Values

Broadly, values are things you want, prefer, or take action to gain or keep.

Usually, the word "values" refers to important, major values. Like your moral ideas, character, principles, big goals in life, and ideas about what kind of society you prefer.

Values are generally grouped together. Rather than having a bunch of different values, held individually, people look for some broader themes to tie their values together. They want an integrated system of values.

Although people would deny it, they rarely put much thought into their values. They pick up values from parents, church, educators, peers, and their culture in general. They don't extensively study what value systems are possible, why some are better than others, how to judge abstract ideas, how to do critical thinking, and so on, in order to have better values. They don't learn to be really good at philosophical argument (not rhetoric, not persuading a crowd, but serious written scholarship) to better judge the arguments between value systems.

Take responsibility for your values.

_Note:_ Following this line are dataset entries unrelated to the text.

Lemma rstar_le_inv a b : rh < a -> rh < b -> rstar a <= rstar b -> a <= b.
Proof.
  intros Ha Hb Hs; destruct (Rle_or_lt a b) as [|Hba]; [assumption|].
  pose proof (rstar_increasing b a Hb Hba); lra.
Qed.

Lemma rstar_continuous r : rh < r -> continuity_pt rstar r.
Proof. intros Hr; apply derivable_continuous_pt; exists (/ fSAdS M Lam r); apply Hrs_deriv; exact Hr. Qed.

Lemma rstar_neg r : rh < r -> rstar r < 0.
Proof.
  intros Hr; pose proof (rstar_increasing r (r + 1) Hr ltac:(lra)) as Hinc.
  destruct (Rlt_or_le (rstar r) 0) as [|Hge]; [assumption|].
  destruct (Hrs_inf (rstar (r + 1) - rstar r) ltac:(lra)) as (A & HA).
  set (r' := Rmax A (r + 1) + 1).
  pose proof (Rmax_l A (r + 1)); pose proof (Rmax_r A (r + 1)).
  specialize (HA r' ltac:(unfold r'; lra)); apply Rabs_def2 in HA.
  assert (rstar (r + 1) <= rstar r') by (left; apply rstar_increasing; unfold r'; lra).
  lra.
Qed.

Lemma fSAdS_le_linear c : rh < c <= rh + 1 ->
  fSAdS M Lam c <= (2 * M / rh ^ 2 - Lam * (2 * rh + 1) / 3) * (c - rh).
Proof.
  intros Hc; rewrite (fSAdS_factor M Lam rh c), Rmult_comm by lra.
  apply Rmult_le_compat_r; [lra|].
  assert (2 * M / (c * rh) <= 2 * M / rh ^ 2)
    by (apply Rmult_le_compat_l, Rinv_le_contravar; nra).
  nra.
Qed.

(* Since [f] vanishes at most linearly at [r_h], [rstar] diverges at least logarithmically. *)
Lemma rstar_le_log r : rh < r <= rh + 1 ->
  rstar r <= rstar (rh + 1) + ln (r - rh) / (2 * M / rh ^ 2 - Lam * (2 * rh + 1) / 3).
Proof.
  intros Hr; set (K := 2 * M / rh ^ 2 - Lam * (2 * rh + 1) / 3).
  assert (HK : 0 < K) by (assert (0 < 2 * M / rh ^ 2) by (apply Rdiv_lt_0_compat; nra);
                          unfold K; nra).
  destruct (Req_dec r (rh + 1)) as [->|Hne].
  { replace (rh + 1 - rh) with 1 by ring; rewrite ln_1; unfold Rdiv; lra. }
  set (h := fun s => rstar s - ln (s - rh) / K).
  destruct (MVT_cor2 h (fun s => / fSAdS M Lam s - / (K * (s - rh))) r (rh + 1))
    as (c & Hc & Hcr); [lra| |].
  - intros c Hc; apply derivable_pt_lim_minus; [apply Hrs_deriv; lra|].
    apply is_derive_Reals; auto_derive; [lra | field; lra].
  - assert (0 < fSAdS M Lam c) by (apply fSAdS_pos; lra).
    assert (fSAdS M Lam c <= K * (c - rh)) by (apply fSAdS_le_linear; lra).
    assert (/ (K * (c - rh)) <= / fSAdS M Lam c) by (apply Rinv_le_contravar; lra).
    unfold h in Hc; replace (rh + 1 - rh) with 1 in Hc by ring;
    rewrite ln_1 in Hc.
    nra.
Qed.

Lemma rstar_unbounded_below x : exists r, rh < r /\ rstar r < x.
Proof.
  set (K := 2 * M / rh ^ 2 - Lam * (2 * rh + 1) / 3).
  assert (HK : 0 < K) by (assert (0 < 2 * M / rh ^ 2) by (apply Rdiv_lt_0_compat; nra);
                          unfold K; nra).
  set (y := Rmin (x - rstar (rh + 1) - 1) (-1)).
  pose proof (Rmin_l (x - rstar (rh + 1) - 1) (-1)); pose proof (Rmin_r (x - rstar (rh + 1) - 1) (-1)).
  assert (0 < exp (K * y) < 1)
    by (split; [apply exp_pos | rewrite <- exp_0; apply exp_increasing; unfold y in *; nra]).
  exists (rh + exp (K * y)); split; [lra|].
  pose proof (rstar_le_log (rh + exp (K * y)) ltac:(lra)) as Hlog; fold K in Hlog.
  replace (rh + exp (K * y) - rh) with (exp (K * y)) in Hlog by ring.
  rewrite ln_exp in Hlog; replace (K * y / K) with y in Hlog by (field; lra).
  unfold y in *; lra.
Qed.

Lemma rstar_surjective x : x < 0 -> exists r, rh < r /\ rstar r = x.
Proof.
  intros Hx; destruct (rstar_unbounded_below x) as (r1 & Hr1 & Hr1x).
  destruct (Hrs_inf (- x) ltac:(lra)) as (A & HA).
  set (r2 := Rmax A r1 + 1).
  pose proof (Rmax_l A r1); pose proof (Rmax_r A r1).
  specialize (HA r2 ltac:(unfold r2; lra)); apply Rabs_def2 in HA.
  destruct (f_interv_is_interv rstar r1 r2 x) as (r & Hr & Hrx).
  - unfold r2; lra.
  - lra.
  - intros; apply rstar_continuous; lra.
  - exists r; split; [lra | exact Hrx].
Qed.

Lemma rstar_inverse :
  exists rr : R -> R, forall x, x < 0 -> rh < rr x /\ rstar (rr x) = x.
Proof.
  assert (Hex : forall x, exists r, x < 0 -> rh < r /\ rstar r = x).
  { intros x; destruct (Rlt_or_le x 0) as [Hx | Hx].
    - destruct (rstar_surjective x Hx) as (r & Hr); exists r; auto.
    - exists 0; intros; lra. }
  exists (fun x => proj1_sig (constructive_indefinite_description _ (Hex x))).
  intros x; exact (proj2_sig (constructive_indefinite_description _ (Hex x))).
Qed.

Section Inverse.
Variable rr : R -> R.
Hypothesis Hrr : forall x, x < 0 -> rh < rr x /\ rstar (rr x) = x.

Lemma rr_rstar r : rh < r -> rr (rstar r) = r.
Proof.
  intros Hr; pose proof (rstar_neg r Hr); destruct (Hrr (rstar r)) as (Hrr1 & Hrr2); [lra|].
  apply Rle_antisym; apply rstar_le_inv; lra.
Qed.

Lemma rr_continuous r1 r2 y : rh < r1 < r2 -> rstar r1 < y < rstar r2 -> continuity_pt rr y.
Proof.
  intros Hr Hy; pose proof (rstar_neg r2 ltac:(lra)).
  apply (continuity_pt_recip_interv rstar rr r1 r2); [lra | | | | | lra].
  - intros a b Ha Hab _; apply rstar_increasing; lra.
  - intros z Hz1 Hz2; apply Hrr; unfold id; lra.
  - intros z Hz1 Hz2; destruct (Hrr z) as (Hz & Hzr); [lra|].
    split; apply rstar_le_inv; lra.
  - intros a Ha; apply rstar_continuous; lra.
Qed.

Lemma rr_derivable x : x < 0 -> derivable_pt_lim rr x (fSAdS M Lam (rr x)).
Proof.
  intros Hx; destruct (Hrr x Hx) as (Hr & Hrx).
  set (r1 := (rh + rr x) / 2); set (r2 := rr x + 1).
  assert (Hs1 : rstar r1 < x) by (rewrite <- Hrx; apply rstar_increasing; unfold r1; lra).
  assert (Hs2 : x < rstar r2) by (rewrite <- Hrx; apply rstar_increasing; unfold r2; lra).
  assert (Hg1 : rr (rstar r1) = r1) by (apply rr_rstar; unfold r1; lra).
  assert (Hg2 : rr (rstar r2) = r2) by (apply rr_rstar; unfold r2; lra).
  assert (Prf : forall a, rr (rstar r1) <= a <= rr (rstar r2) -> derivable_pt rstar a).
  { intros a Ha; rewrite Hg1 in Ha; exists (/ fSAdS M Lam a); apply Hrs_deriv.
    unfold r1 in Ha; lra. }
  assert (Hbr : rr (rstar r1) <= rr x <= rr (rstar r2))
    by (rewrite Hg1, Hg2; unfold r1, r2; lra).
  assert (Hfx : 0 < fSAdS M Lam (rr x)) by (apply fSAdS_pos; exact Hr).
  assert (Hdp : derive_pt rstar (rr x) (Prf (rr x) Hbr) = / fSAdS M Lam (rr x))
    by (apply derive_pt_eq_0, Hrs_deriv, Hr).
  pose proof (rstar_neg r2 ltac:(unfold r2; lra)).
  replace (fSAdS M Lam (rr x)) with (1 / derive_pt rstar (rr x) (Prf (rr x) Hbr))
    by (rewrite Hdp; field; lra).
  apply (derivable_pt_lim_recip_interv rstar rr (rstar r1) (rstar r2) x Prf);
    [apply (rr_continuous r1 r2); unfold r1, r2 in *; lra | lra | lra | |].
  - intros y Hy; apply Hrr; unfold id; lra.
  - rewrite Hdp; apply Rinv_neq_0_compat; lra.
Qed.

Lemma inv_rr_limit : limit1_in (fun x => / rr x) (fun x => x < 0) 0 0.
Proof.
  intros eps Heps; set (R0 := Rmax rh (/ eps) + 1).
  pose proof (Rmax_l rh (/ eps)); pose proof (Rmax_r rh (/ eps)).
  pose proof (rstar_neg R0 ltac:(unfold R0; lra)).
  exists (- rstar R0); split; [lra|].
  intros x (Hx & Hdx); simpl in *; unfold R_dist in *; rewrite Rminus_0_r in *.
  rewrite Rabs_left in Hdx by lra.
  destruct (Hrr x Hx) as (Hr & Hrx).
  assert (R0 < rr x) by (apply rstar_lt_inv; unfold R0 in *; lra).
  assert (0 < / eps) by (apply Rinv_0_lt_compat; lra).
  rewrite Rabs_right by (left; apply Rinv_0_lt_compat; lra).
  replace eps with (/ / eps) by (field; lra).
  apply Rinv_lt_contravar; unfold R0 in *; nra.
Qed.

End Inverse.

End Tortoise.

Section Solution.
Variables (M Lam : R) (l : nat) (rr : R -> R).
Hypotheses (HM : 0 < M) (Hl : (2 <= l)%nat).
Hypothesis Hrr_pos : forall x, x < 0 -> 0 < rr x.
Hypothesis Hrr_deriv : forall x, x < 0 -> derivable_pt_lim rr x (fSAdS M Lam (rr x)).
Hypothesis Hrr_inf : limit1_in (fun x => / rr x) (fun x => x < 0) 0 0.

Let w := wL M l.

Lemma phiZ_zerilli t x : x < 0 ->
  exists a b,
    is_deriv2 (fun s => phiZ M l s x (rr x)) t a /\
    is_deriv2 (fun y => phiZ M l t y (rr y)) x b /\
    a - b + fSAdS M Lam (rr x) * VZ M Lam l (rr x) * phiZ M l t x (rr x) = 0.
Proof.
  intros Hx.
  exists (w ^ 2 * phiZ M l t x (rr x)), (zprof_xx M Lam l (rr x) * exp (w * (x + t))).
  split; [|split].
  - exists (fun s => w * phiZ M l s x (rr x)); split.
    + exists 1; split; [lra|]; intros s _; apply phiZ_dt.
    + replace (w ^ 2 * phiZ M l t x (rr x)) with (w * (w * phiZ M l t x (rr x))) by ring.
      apply derivable_pt_lim_scal, phiZ_dt.
  - exists (fun y => zprof_x M Lam l (rr y) * exp (w * (y + t))); split.
    + exists (- x); split; [lra|]; intros y Hy; apply Rabs_def2 in Hy.
      apply phiZ_dx; [exact HM | exact Hl | apply Hrr_pos | apply Hrr_deriv]; lra.
    + apply zprof_x_dx; auto.
  - rewrite phiZ_eq; fold w.
    pose proof (zprof_zerilli M Lam l HM Hl (rr x) (Hrr_pos x Hx)) as Z; fold w in Z.
    transitivity ((w ^ 2 * zprof M l (rr x) - zprof_xx M Lam l (rr x)
      + fSAdS M Lam (rr x) * VZ M Lam l (rr x) * zprof M l (rr x)) * exp (w * (x + t)));
      [ring | rewrite Z; ring].
Qed.

Lemma phiZ_sqr_le t x : x < 0 ->
  phiZ M l t x (rr x) ^ 2 <= / muL l ^ 2 * exp (2 * w * t) * exp (2 * w * x).
Proof.
  intros Hx; pose proof (zprof_pos_le M l HM Hl (rr x) (Hrr_pos x Hx)) as (G0 & G1).
  assert (E : exp (2 * w * t) * exp (2 * w * x) = exp (w * (x + t)) ^ 2)
    by (rewrite <- exp_plus; simpl; rewrite Rmult_1_r, <- exp_plus; f_equal; ring).
  rewrite phiZ_eq, Rmult_assoc, E, Rpow_mult_distr, <- pow_inv.
  apply Rmult_le_compat_r; [apply pow2_ge_0 | apply pow_incr; fold w; lra].
Qed.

Make them something you think through and devote attention to, not something unchosen.


You are fallible. Problems, while soluble, are inevitable. Therefore you should expect mistakes when it comes to your values. Don't assume them uncritically. Don't think you already have the answers.

You should be actively trying to improve your values throughout your entire life. That requires criticism, both from yourself and others. It requires discussion. It requires paths forward.


It's important to value things in life. You should do something, think something, have some opinion. Some things should make a difference to you. Care about something. Prefer somethings and not others. Choose something over something else.

If you didn't have any values, it'd be kinda like you aren't really there in life. You wouldn't be an active part of the world. You'd be more like a rock. Grass doesn't have values. The ocean doesn't have values.

Actions need values to guide them. If you have no goals or preferences of any kind, why act?